Effective Internet measurement raises daunting issues for the research community and funding agencies. Improved understanding of the structure and dynamics of Internet topology, routing, workload, performance, and vulnerabilities remain a disturbingly elusive priority, in part for lack of large-scale distributed network measurements available to scientific researchers. Ironically, even the research community networks struggle to make progress on these essential obstacles to cyberinfrastructure research. The data dearth is understandable. Measurement of operational Internet infrastructure involves navigating more complex and interconnected dimensions (logistical, financial, methodological, technical, legal, and ethical) than measurement in most scientific disciplines. CAIDA has been navigating these challenges with modest success for fifteen years, collecting, coordinating, curating, and sharing data sets for the Internet research and operational community in support of Internet science.

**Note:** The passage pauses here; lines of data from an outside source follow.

(* Let $F$ be an algebraically closed field with $\operatorname{char}F=3$, $R=F[[x,y]]$, and let $f\in R^2$ be a unimodal isolated complete intersection singularity with $\operatorname{ord}(f)=3$. Then $j_3(f)$ is contact equivalent (under the $3$-jet contact group acting on $R^2/\mathfrak m^4R^2$) to one of $(x^3,0)$, $(x^3,x^2y)$, $(x^3,xy^2)$, $(x^3,y^3+xy^2)$, $(x^3,y^3+x^2y)$, $(x^3,y^3)$, $(x^2y,0)$, $(x^2y,xy^2)$, $(x^2y,x^3+xy^2)$, $(x^2y,y^3+xy^2)$, $(x^3+x^2y,\,y^3+\lambda xy^2)$ with $\lambda\neq 1$, $(x^3+xy^2,0)$.
   Context: $\mathfrak m=\langle x,y\rangle$. ICIS: $f_1,f_2\in\mathfrak m$ a regular sequence with $\mathfrak m^k\subset\langle f_1,f_2\rangle+I_2(J(f))$ for some $k$. $\operatorname{ord}(f)=\min\operatorname{ord}f_i$. $j_3(f)$ is the image in $J_3=R^2/\mathfrak m^4R^2$, on which $\mathcal K_3=\{(j_3(U),j_3(\phi))\}$ ($U\in GL(2,R)$, $\phi\in\operatorname{Aut}(R)$) acts by $j_3(f)\mapsto j_3(U\cdot\phi(f))$. Unimodal means $\mathcal K$-modality $1$ (modality in the sense of Arnold, Greuel–Nguyen, of a sufficiently high jet under the contact jet group). *)

From mathcomp Require Import all_boot all_order all_algebra.
Unset Printing Implicit Defensive.
Import GRing.Theory.
Local Open Scope ring_scope.

Section Defs.
Variable F : closedFieldType.

(* a power series is its coefficient function: g i j = coeff of x^i y^j *)
Definition ps := nat -> nat -> F.

Definition pzero : ps := fun _ _ => 0.
Definition pconst (c : F) : ps := fun i j => if (i == 0)%N && (j == 0)%N then c else 0.
Definition pone : ps := pconst 1.
Definition padd (f g : ps) : ps := fun i j => f i j + g i j.
Definition pneg (f : ps) : ps := fun i j => - f i j.
Definition pscale (c : F) (f : ps) : ps := fun i j => c * f i j.
Definition pmul (f g : ps) : ps := fun i j =>
  \sum_(a < i.+1) \sum_(b < j.+1) f a b * g (i - a)%N (j - b)%N.
Definition mono (a b : nat) : ps :=
  fun i j => if (i == a) && (j == b) then 1 else 0.
Definition pdx (f : ps) : ps := fun i j => i.+1%:R * f i.+1 j.
Definition pdy (f : ps) : ps := fun i j => j.+1%:R * f i j.+1.

Definition in_mpow (k : nat) (g : ps) : Prop :=
  forall i j, (i + j < k)%N -> g i j = 0.

Definition o0 : 'I_2 := ord0.
Definition o1 : 'I_2 := ord_max.
Definition vec2 (a b : ps) : 'I_2 -> ps := fun i => if i == o0 then a else b.

Definition pmat := 'I_2 -> 'I_2 -> ps.
Definition mat_vec (U : pmat) (g : 'I_2 -> ps) : 'I_2 -> ps :=
  fun i => padd (pmul (U i o0) (g o0)) (pmul (U i o1) (g o1)).
Definition mat_mul (U V : pmat) : pmat :=
  fun i k => padd (pmul (U i o0) (V o0 k)) (pmul (U i o1) (V o1 k)).
Definition mat_one : pmat := fun i k => if i == k then pone else pzero.
Definition GL2 (U : pmat) : Prop :=
  exists V : pmat, mat_mul U V = mat_one /\ mat_mul V U = mat_one.

Definition is_aut (phi : ps -> ps) : Prop :=
  (forall a b, phi (padd a b) = padd (phi a) (phi b)) /\
  (forall a b, phi (pmul a b) = pmul (phi a) (phi b)) /\
  (forall c a, phi (pscale c a) = pscale c (phi a)) /\
  phi pone = pone /\
  (exists psi : ps -> ps, cancel phi psi /\ cancel psi phi).

Definition kact (U : pmat) (phi : ps -> ps) (f : 'I_2 -> ps) : 'I_2 -> ps :=
  mat_vec U (fun i => phi (f i)).

Definition jacdet (f : 'I_2 -> ps) : ps :=
  padd (pmul (pdx (f o0)) (pdy (f o1))) (pneg (pmul (pdy (f o0)) (pdx (f o1)))).

Definition regular_seq (f1 f2 : ps) : Prop :=
  (forall a, pmul a f1 = pzero -> a = pzero) /\
  (forall a, (exists b, pmul a f2 = pmul b f1) -> exists c, a = pmul c f1) /\
  ~ (exists a b, padd (pmul a f1) (pmul b f2) = pone).

Definition ICIS (f : 'I_2 -> ps) : Prop :=
  in_mpow 1 (f o0) /\ in_mpow 1 (f o1) /\ regular_seq (f o0) (f o1) /\
  exists k, forall g, in_mpow k g ->
    exists a b c, g = padd (padd (pmul a (f o0)) (pmul b (f o1))) (pmul c (jacdet f)).

Definition ord_eq3 (f : 'I_2 -> ps) : Prop :=
  in_mpow 3 (f o0) /\ in_mpow 3 (f o1) /\ ~ (in_mpow 4 (f o0) /\ in_mpow 4 (f o1)).

Definition jcoord (k : nat) := {t : 'I_2 * nat * nat | (t.1.2 + t.2 <= k)%N}.
Definition jet (k : nat) (f : 'I_2 -> ps) : jcoord k -> F :=
  fun c => f (val c).1.1 (val c).1.2 (val c).2.

Definition Korbit (k : nat) (p q : jcoord k -> F) : Prop :=
  exists (g : 'I_2 -> ps) (U : pmat) (phi : ps -> ps),
    jet k g = p /\ GL2 U /\ is_aut phi /\ q = jet k (kact U phi g).

End Defs.
Arguments pzero {F}. Arguments pconst {F}. Arguments pone {F}. Arguments padd {F}.
Arguments pneg {F}. Arguments pscale {F}. Arguments pmul {F}. Arguments mono {F}.
Arguments pdx {F}. Arguments pdy {F}. Arguments in_mpow {F}. Arguments vec2 {F}.
Arguments mat_vec {F}. Arguments mat_mul {F}. Arguments mat_one {F}. Arguments GL2 {F}.
Arguments is_aut {F}. Arguments kact {F}. Arguments jacdet {F}. Arguments regular_seq {F}.
Arguments ICIS {F}. Arguments ord_eq3 {F}. Arguments jet {F} k f _. Arguments Korbit {F} k p q.

Section Zariski.
Variables (F : fieldType) (V : Type).

Inductive pexpr : Type :=
| PVar of V | PConst of F | PAdd of pexpr & pexpr | PMul of pexpr & pexpr.

Fixpoint peval (x : V -> F) (p : pexpr) : F :=
  match p with
  | PVar v => x v
  | PConst c => c
  | PAdd p q => peval x p + peval x q
  | PMul p q => peval x p * peval x q
  end.

Definition pt := V -> F.
Definition subs (A B : pt -> Prop) := forall x, A x -> B x.

Definition zclosed (Z : pt -> Prop) : Prop :=
  exists P : pexpr -> Prop, forall x, Z x <-> (forall p, P p -> peval x p = 0).
Definition zopen (U : pt -> Prop) : Prop := zclosed (fun x => ~ U x).
Definition zclosure (S : pt -> Prop) : pt -> Prop :=
  fun x => forall Z, zclosed Z -> subs S Z -> Z x.
Definition zirreducible (Z : pt -> Prop) : Prop :=
  zclosed Z /\ (exists x, Z x) /\
  forall Z1 Z2, zclosed Z1 -> zclosed Z2 -> subs Z (fun x => Z1 x \/ Z2 x) ->
    subs Z Z1 \/ subs Z Z2.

We propose three concrete contributions to the IRNC community's measurement efforts: to foster and distill discussion of how to best make IRNC data and statistics available, to adapt two CAIDA measurement technologies for IRNC community needs, and to experiment with two innovations in data-handling procedures applied to existing IRNC measurements. We will accomplish the first task by organizing and hosting a series of workshops, including half-day workshops at IRNC PI meetings to discuss IRNC measurement priorities and identify how CAIDA and other researchers can support them. In between IRNC PI meetings we will have 2-day annual workshops dedicated to measurement activities, to build on and extend previous efforts of the IRNC measurement group and explore in depth how the community can make better use of perfSONAR, metadata, and other data-handling and data-protection technologies.

Second, we propose to improve two CAIDA measurement technologies we already know can better serve the IRNC community: (1) We will upgrade our traffic reporting software to be IRNC-friendlier, by adding functionality to recognize IPv6 and DNSSEC, support anonymization and aggregation for privacy protection, and read data formats used by the majority of the IRNC operators, such as netflow output from routers. (2) We will (optionally) install, deploy, and manage IPv6-capable active measurement nodes at each interested IRNC site. IPv6 Internet reachability measurements are of particular interest since available data suggests the educational and government-supported communities are deploying IPv6 before the commercial sector.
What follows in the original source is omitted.